- What needs to be done
In the entries below, the lines from the one with "Definition und (X" through the one with "homomorphisms N_d ->" are to be copied exactly; both ends count.
===== Material to process =====
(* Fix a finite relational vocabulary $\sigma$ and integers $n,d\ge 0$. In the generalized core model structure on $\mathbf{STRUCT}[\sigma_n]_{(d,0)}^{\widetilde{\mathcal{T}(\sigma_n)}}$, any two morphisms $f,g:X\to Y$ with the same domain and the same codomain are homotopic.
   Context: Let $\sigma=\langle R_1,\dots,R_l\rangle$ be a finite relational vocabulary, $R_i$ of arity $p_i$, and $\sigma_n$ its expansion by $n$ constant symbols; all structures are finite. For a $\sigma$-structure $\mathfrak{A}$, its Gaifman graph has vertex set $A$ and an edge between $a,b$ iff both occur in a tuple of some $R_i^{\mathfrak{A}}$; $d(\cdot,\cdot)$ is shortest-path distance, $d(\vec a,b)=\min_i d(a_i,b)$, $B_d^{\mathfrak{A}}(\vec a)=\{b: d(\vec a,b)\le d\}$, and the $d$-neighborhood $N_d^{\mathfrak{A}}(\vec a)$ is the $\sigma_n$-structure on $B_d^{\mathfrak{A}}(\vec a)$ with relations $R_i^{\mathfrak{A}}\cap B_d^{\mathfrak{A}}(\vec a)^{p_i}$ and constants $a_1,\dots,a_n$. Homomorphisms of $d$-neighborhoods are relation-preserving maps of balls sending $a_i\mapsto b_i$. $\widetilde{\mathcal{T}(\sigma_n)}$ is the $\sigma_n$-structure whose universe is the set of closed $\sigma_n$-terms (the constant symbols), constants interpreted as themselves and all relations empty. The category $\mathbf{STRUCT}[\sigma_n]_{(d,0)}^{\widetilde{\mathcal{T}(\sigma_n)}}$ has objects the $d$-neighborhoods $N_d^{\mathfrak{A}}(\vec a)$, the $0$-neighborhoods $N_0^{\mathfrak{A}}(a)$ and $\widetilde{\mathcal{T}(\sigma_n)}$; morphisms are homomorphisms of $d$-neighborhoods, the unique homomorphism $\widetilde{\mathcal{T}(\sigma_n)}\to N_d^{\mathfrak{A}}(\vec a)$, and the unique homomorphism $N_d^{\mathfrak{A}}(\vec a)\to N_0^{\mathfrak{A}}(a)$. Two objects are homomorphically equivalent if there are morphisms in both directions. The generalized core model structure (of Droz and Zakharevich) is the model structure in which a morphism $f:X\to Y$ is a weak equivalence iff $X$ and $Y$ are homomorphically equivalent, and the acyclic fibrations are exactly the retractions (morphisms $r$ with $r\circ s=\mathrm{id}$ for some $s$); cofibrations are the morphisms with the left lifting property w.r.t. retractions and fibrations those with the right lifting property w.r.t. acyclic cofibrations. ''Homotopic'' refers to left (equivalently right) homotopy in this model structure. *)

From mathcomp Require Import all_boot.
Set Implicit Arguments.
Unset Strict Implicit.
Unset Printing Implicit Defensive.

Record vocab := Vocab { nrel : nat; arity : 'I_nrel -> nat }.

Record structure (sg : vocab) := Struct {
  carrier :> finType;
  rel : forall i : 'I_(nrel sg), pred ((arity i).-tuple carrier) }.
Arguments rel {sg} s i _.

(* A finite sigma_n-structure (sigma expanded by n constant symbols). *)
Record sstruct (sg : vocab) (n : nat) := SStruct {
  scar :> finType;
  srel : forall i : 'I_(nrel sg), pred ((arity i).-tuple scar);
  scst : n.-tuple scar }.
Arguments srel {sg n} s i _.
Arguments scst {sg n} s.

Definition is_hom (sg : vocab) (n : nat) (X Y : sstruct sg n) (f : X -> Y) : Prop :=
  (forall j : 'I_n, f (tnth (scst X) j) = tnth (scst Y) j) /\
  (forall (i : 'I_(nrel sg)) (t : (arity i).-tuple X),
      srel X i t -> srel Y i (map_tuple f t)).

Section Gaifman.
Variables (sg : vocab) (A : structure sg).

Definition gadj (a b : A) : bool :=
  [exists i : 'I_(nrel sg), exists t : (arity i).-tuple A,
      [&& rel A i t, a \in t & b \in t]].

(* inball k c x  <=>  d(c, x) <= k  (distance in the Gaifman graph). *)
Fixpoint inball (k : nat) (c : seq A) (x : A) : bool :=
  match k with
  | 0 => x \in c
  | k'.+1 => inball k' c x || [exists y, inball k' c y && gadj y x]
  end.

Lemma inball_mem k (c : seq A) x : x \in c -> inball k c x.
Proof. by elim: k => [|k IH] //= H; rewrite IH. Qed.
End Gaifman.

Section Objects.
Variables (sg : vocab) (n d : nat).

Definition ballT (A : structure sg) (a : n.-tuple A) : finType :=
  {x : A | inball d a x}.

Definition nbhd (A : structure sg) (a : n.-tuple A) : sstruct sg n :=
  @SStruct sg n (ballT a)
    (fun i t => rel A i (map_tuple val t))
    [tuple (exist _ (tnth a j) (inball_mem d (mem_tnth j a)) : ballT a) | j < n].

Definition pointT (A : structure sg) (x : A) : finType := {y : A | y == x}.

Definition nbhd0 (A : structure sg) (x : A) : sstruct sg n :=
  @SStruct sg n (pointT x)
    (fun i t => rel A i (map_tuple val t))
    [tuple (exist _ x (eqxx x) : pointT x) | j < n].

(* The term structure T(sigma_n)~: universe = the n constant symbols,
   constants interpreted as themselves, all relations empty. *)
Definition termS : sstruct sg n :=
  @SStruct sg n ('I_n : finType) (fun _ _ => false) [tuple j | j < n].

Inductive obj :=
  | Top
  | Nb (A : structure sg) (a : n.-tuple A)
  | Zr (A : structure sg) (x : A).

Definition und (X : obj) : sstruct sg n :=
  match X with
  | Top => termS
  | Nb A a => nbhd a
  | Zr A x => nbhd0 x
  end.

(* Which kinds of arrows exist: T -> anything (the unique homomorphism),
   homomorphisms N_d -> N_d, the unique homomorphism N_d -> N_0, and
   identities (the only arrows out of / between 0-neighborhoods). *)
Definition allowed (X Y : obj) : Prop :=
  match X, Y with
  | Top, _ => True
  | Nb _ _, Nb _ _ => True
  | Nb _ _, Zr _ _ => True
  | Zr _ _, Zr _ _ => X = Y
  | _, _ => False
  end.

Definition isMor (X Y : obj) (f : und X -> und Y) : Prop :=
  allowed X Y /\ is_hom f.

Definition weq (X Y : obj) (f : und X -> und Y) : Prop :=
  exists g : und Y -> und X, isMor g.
=====
- Result of this exercise
Definition und (X : obj) : sstruct sg n :=
  match X with
  | Top => termS
  | Nb A a => nbhd a
  | Zr A x => nbhd0 x
  end.

(* Which kinds of arrows exist: T -> anything (the unique homomorphism),
   homomorphisms N_d -> N_d, the unique homomorphism N_d -> N_0, and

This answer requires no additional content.